Patrouille Suisse trainiert über dem Kanton Freiburg

Flugshow-Training
Die Patrouille Suisse führt am 22. April im Raum Bellechasse im Kanton Freiburg ein Training durch. Mit dem anstehenden Grounding der Kampfjets der Flotte, ist die langfristige Zukunft der Schweizer Flugshow jedoch ungewiss.
Publiziert am Mo 15. Apr. 2024 10:49 Uhr
© KEYSTONE/EPA PAP/RADEK PIETRUSZKA
- Die Patrouille Suisse muss für ihre Flugvorführungen auch trainieren. Im April tut sie das an einem Vormittag im Raum Bellechasse im Kanton Freiburg. (Archivbild)

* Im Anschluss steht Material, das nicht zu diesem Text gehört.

(* Let $X$ be a metrizable space which is locally compact and $\sigma$-compact, and let $f\colon X\to X$ be a homeomorphism which is metric-independent expansive. Then $f^n$ is metric-independent expansive for every integer $n\neq 0$.
   Context: A homeomorphism $f$ of a metric space $(X,d)$ is expansive with respect to $d$ if there is $c>0$ such that for all $x\neq y$ there is $i\in\mathbb Z$ with $d(f^i(x),f^i(y))>c$. It is metric-independent expansive if it is expansive with respect to every metric compatible with the topology of $X$. *)

From HB Require Import structures.
From mathcomp Require Import all_boot all_order all_algebra.
From mathcomp Require Import all_classical all_reals all_analysis.
From mathcomp Require Import Rstruct Rstruct_topology.
Set Implicit Arguments. Unset Strict Implicit. Unset Printing Implicit Defensive.
Import Order.TTheory GRing.Theory Num.Theory.
Local Open Scope classical_set_scope.
Local Open Scope ring_scope.

Notation Real := Rdefinitions.R.

Definition is_metric (X : Type) (d : X -> X -> Real) : Prop :=
  (forall x y, 0 <= d x y) /\
  (forall x y, d x y = 0 <-> x = y) /\
  (forall x y, d x y = d y x) /\
  (forall x y z, d x z <= d x y + d y z).

Definition compatible_metric (X : topologicalType) (d : X -> X -> Real) : Prop :=
  is_metric d /\
  forall A : set X, open A <->
    (forall x, A x -> exists2 e : Real, 0 < e & [set y | d x y < e] `<=` A).

Definition metrizable (X : topologicalType) : Prop :=
  exists d : X -> X -> Real, compatible_metric d.

Definition sigma_compact (X : topologicalType) : Prop :=
  exists K : nat -> set X, (forall n, compact (K n)) /\ \bigcup_n K n = setT.

Definition homeomorphism_with_inverse (X : topologicalType) (f g : X -> X) : Prop :=
  continuous f /\ continuous g /\ cancel f g /\ cancel g f.

Definition zpow_map (X : Type) (h hinv : X -> X) (i : int) : X -> X :=
  match i with
  | Posz n => iter n h
  | Negz n => iter n.+1 hinv
  end.

Definition expansive_wrt (X : Type) (h hinv : X -> X) (d : X -> X -> Real) : Prop :=
  exists2 c : Real, 0 < c &
    forall x y : X, x <> y -> exists i : int,
      d (zpow_map h hinv i x) (zpow_map h hinv i y) > c.

Definition metric_independent_expansive (X : topologicalType) (h hinv : X -> X) : Prop :=
  forall d : X -> X -> Real, compatible_metric d -> expansive_wrt h hinv d.

(* Given a compatible metric rho, take a compact exhaustion (W m) of X and let
   dist_infty x be the rho-distance from x to "infinity", i.e. to the complements of
   the W m, penalised by 1/(m+1).  Then D u v = min (rho u v) (dist_infty u + dist_infty v)
   is again a compatible metric, and for every c > 0 it is at most c off some compact set C.
   Let f be D-expansive with constant c.  If D(f^i x, f^i y) > c, one of f^i x, f^i y lies
   in C; writing i = k + n q with 0 <= k < |n|, uniform continuity of the finitely many maps
   f^k on the compact sets f^-k(C) yields a uniform lower bound on rho(f^(nq) x, f^(nq) y). *)

From HB Require Import structures.
From mathcomp Require Import all_boot all_order all_algebra.
From mathcomp Require Import all_classical all_reals all_analysis.
From mathcomp Require Import finmap Rstruct Rstruct_topology lra.
Set Implicit Arguments. Unset Strict Implicit. Unset Printing Implicit Defensive.
Import Order.TTheory GRing.Theory Num.Theory.
Local Open Scope classical_set_scope.
Local Open Scope ring_scope.
Local Notation Real := Rdefinitions.R.

Section IntegerIterates.
Variables (T : Type) (h hinv : T -> T).
Hypotheses (hK : cancel h hinv) (hinvK : cancel hinv h).
Local Notation F := (zpow_map h hinv).

Lemma zpow_mapS i x : F (i + 1) x = h (F i x).
Proof.
case: i => [n|[|n]].
- by have -> : Posz n + 1 = Posz n.+1 by rewrite -addn1 PoszD.
- by rewrite /= hinvK.
- have -> : Negz n.+1 + 1 = Negz n by rewrite !NegzE; lra.
  by rewrite /= hinvK.
Qed.

Lemma zpow_mapB1 i x : F (i - 1) x = hinv (F i x).
Proof. by rewrite -{2}(subrK 1 i) zpow_mapS hK. Qed.

Lemma zpow_mapD i k x : F (i + k) x = F i (F k x).
Proof.
elim/int_rec: i x => [|n IH|n IH] x; first by rewrite add0r.
- by rewrite -addn1 PoszD addrAC !zpow_mapS IH.
- by rewrite -addn1 PoszD opprD addrAC !zpow_mapB1 IH.
Qed.

Lemma zpow_mapK i : cancel (F i) (F (- i)).
Proof. by move=> x; rewrite -zpow_mapD addNr. Qed.

Lemma zpow_mapNK i : cancel (F (- i)) (F i).
Proof. by move=> x; have := zpow_mapK (- i) x; rewrite opprK. Qed.

End IntegerIterates.

Lemma zpow_map_zpow (T : Type) (h hinv : T -> T) (hK : cancel h hinv) (hinvK : cancel hinv h)
    n q x :
  zpow_map (zpow_map h hinv n) (zpow_map h hinv (- n)) q x = zpow_map h hinv (n * q) x.
Proof.
have [Fn_K FnK] := (zpow_mapK hK hinvK n, zpow_mapNK hK hinvK n).
elim/int_rec: q x => [|m IH|m IH] x; first by rewrite mulr0.
- by rewrite -addn1 PoszD (zpow_mapS FnK) IH mulrDr mulr1 addrC (zpow_mapD hK hinvK).
- rewrite -addn1 PoszD opprD (zpow_mapB1 Fn_K FnK) IH mulrDr mulrN1.
  by rewrite addrC (zpow_mapD hK hinvK).
Qed.

Section MetricFacts.
Variables (T : Type) (d : T -> T -> Real).
Hypothesis dm : is_metric d.

Lemma is_metric_ge0 x y : 0 <= d x y. Proof. by case: dm. Qed.
Lemma is_metric_eq0 x y : d x y = 0 -> x = y. Proof. by case: dm => _ [/(_ x y) []]. Qed.
Lemma is_metric_xx x : d x x = 0. Proof. by case: dm => _ [/(_ x x) [_ ->]]. Qed.
Lemma is_metric_sym x y : d x y = d y x. Proof. by case: dm => _ [_ []]. Qed.
Lemma is_metric_triangle x y z : d x z <= d x y + d y z. Proof. by case: dm => _ [_ [_]]. Qed.

End MetricFacts.

Section CompatibleMetric.
Variable X : topologicalType.

Lemma compatible_ball_open (d : X -> X -> Real) x e :
  compatible_metric d -> open [set y | d x y < e].
Proof.
case=> dm dopen; apply/dopen => y /= dxy; exists (e - d x y); first by rewrite subr_gt0.
by move=> z /= dyz; have := is_metric_triangle dm x y z; lra.
Qed.

Lemma compact_uniform_continuous (rho D : X -> X -> Real) (h : X -> X) (L : set X) eps :
    compatible_metric rho -> compatible_metric D -> continuous h -> compact L -> 0 < eps ->
  \forall del \near (0 : Real)^'+,
    forall a b, L a -> rho a b < del -> D (h a) (h b) < eps.
Proof.
move=> crho cD hcont cL eps0; have [rhom rhoopen] := crho; have [Dm _] := cD.
pose P del a := forall b, rho a b < del -> D (h a) (h b) < eps.
suff: \forall del \near (0 : Real)^'+, L `<=` P del.
  by apply: filterS => del LP a b /LP; apply.
apply: ((compact_near_coveringP L).1 cL Real ((0 : Real)^'+) P _) => x Lx.
have hO : open (h @^-1` [set z | D (h x) z < eps / 2]).
  by move/continuousP: hcont; apply; exact: compatible_ball_open.
have hOx : (h @^-1` [set z | D (h x) z < eps / 2]) x by rewrite /= is_metric_xx //; lra.
have [r r0 rO] := (rhoopen _).1 hO x hOx.
exists ([set x' | rho x x' < r / 2], [set del | del < r / 2]).
  split; last by apply: nbhs_right_lt; lra.
  apply: open_nbhs_nbhs; split; first exact: compatible_ball_open.
  by rewrite /= is_metric_xx //; lra.
move=> [x' del] [/= xx' del_r] b x'b.
have hxb : D (h x) (h b) < eps / 2.
  by apply: rO => /=; have := is_metric_triangle rhom x x' b; lra.
have hxx' : D (h x) (h x') < eps / 2 by apply: rO => /=; lra.
have := is_metric_triangle Dm (h x') (h x) (h b).
by rewrite (is_metric_sym Dm (h x') (h x)); lra.
Qed.

End CompatibleMetric.

Section Exhaustion.
Variable X : topologicalType.
Hypothesis Xlc : locally_compact [set: X].

Lemma compact_open_hull (K : set X) : compact K ->
  exists V L : set X, [/\ open V, compact L, K `<=` V & V `<=` L].
Proof.
move=> cK.
have /choice [N hN] : forall x : X, exists N : set X, nbhs x N /\ compact N.
  move=> x; have [U xU [cU _]] := Xlc (I : [set: X] x).
  by exists U; split => //; move: xU; rewrite /within /=; apply: filterS => y; exact.
(* A finite subcover, via [compact_near_coveringP]: [compact_cover] needs a pointed space. *)
pose growing := filter_from [set: {fset X}] (fun D0 => [set D | (D0 `<=` D)%fset]).
have growingF : Filter growing.
  apply: filter_from_filter; first by exists fset0.
  move=> D1 D2 _ _; exists (D1 `|` D2)%fset => // D /=.
  by rewrite fsubUset => /andP[].
pose P (D : {fset X}) y := exists2 x, x \in D & (N x)° y.
have [D _ /(_ D (fsubset_refl D)) KD] : \forall D \near growing, K `<=` P D.
  apply: ((compact_near_coveringP K).1 cK _ growing P) => x Kx.
  exists ((N x)°, [set D | x \in D]); last by move=> [y D] [/= Nxy xD]; exists x.
  split; last by exists [fset x]%fset => // D /=; rewrite fsub1set.
  by apply: open_nbhs_nbhs; split; [exact: open_interior|exact: (hN x).1].
exists (\bigcup_(x in [set` D]) (N x)°), (\bigcup_(x in [set` D]) N x); split.
- by apply: bigcup_open => x _; exact: open_interior.
- by rewrite bigcup_fset; apply: bigsetU_compact => x _; exact: (hN x).2.
- exact: KD.
- by move=> y [x Dx Nxy]; exists x => //; exact: interior_subset.
Qed.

Die angekündigte Zeit zwischen 10 und 11 Uhr vormittags können sich nach Angaben des Departements für Verteidigung, Bevölkerungsschutz und Sport leicht verschieben.

© TeleZüri / Orgetorix Kuhn / CH Media Video Unit / Silja Hänggi / Archivbeitrag vom 19.08.23

Die Luftwaffe bittet die Bevölkerung um Verständnis für den erhöhten Flugbetrieb während dieser Zeit.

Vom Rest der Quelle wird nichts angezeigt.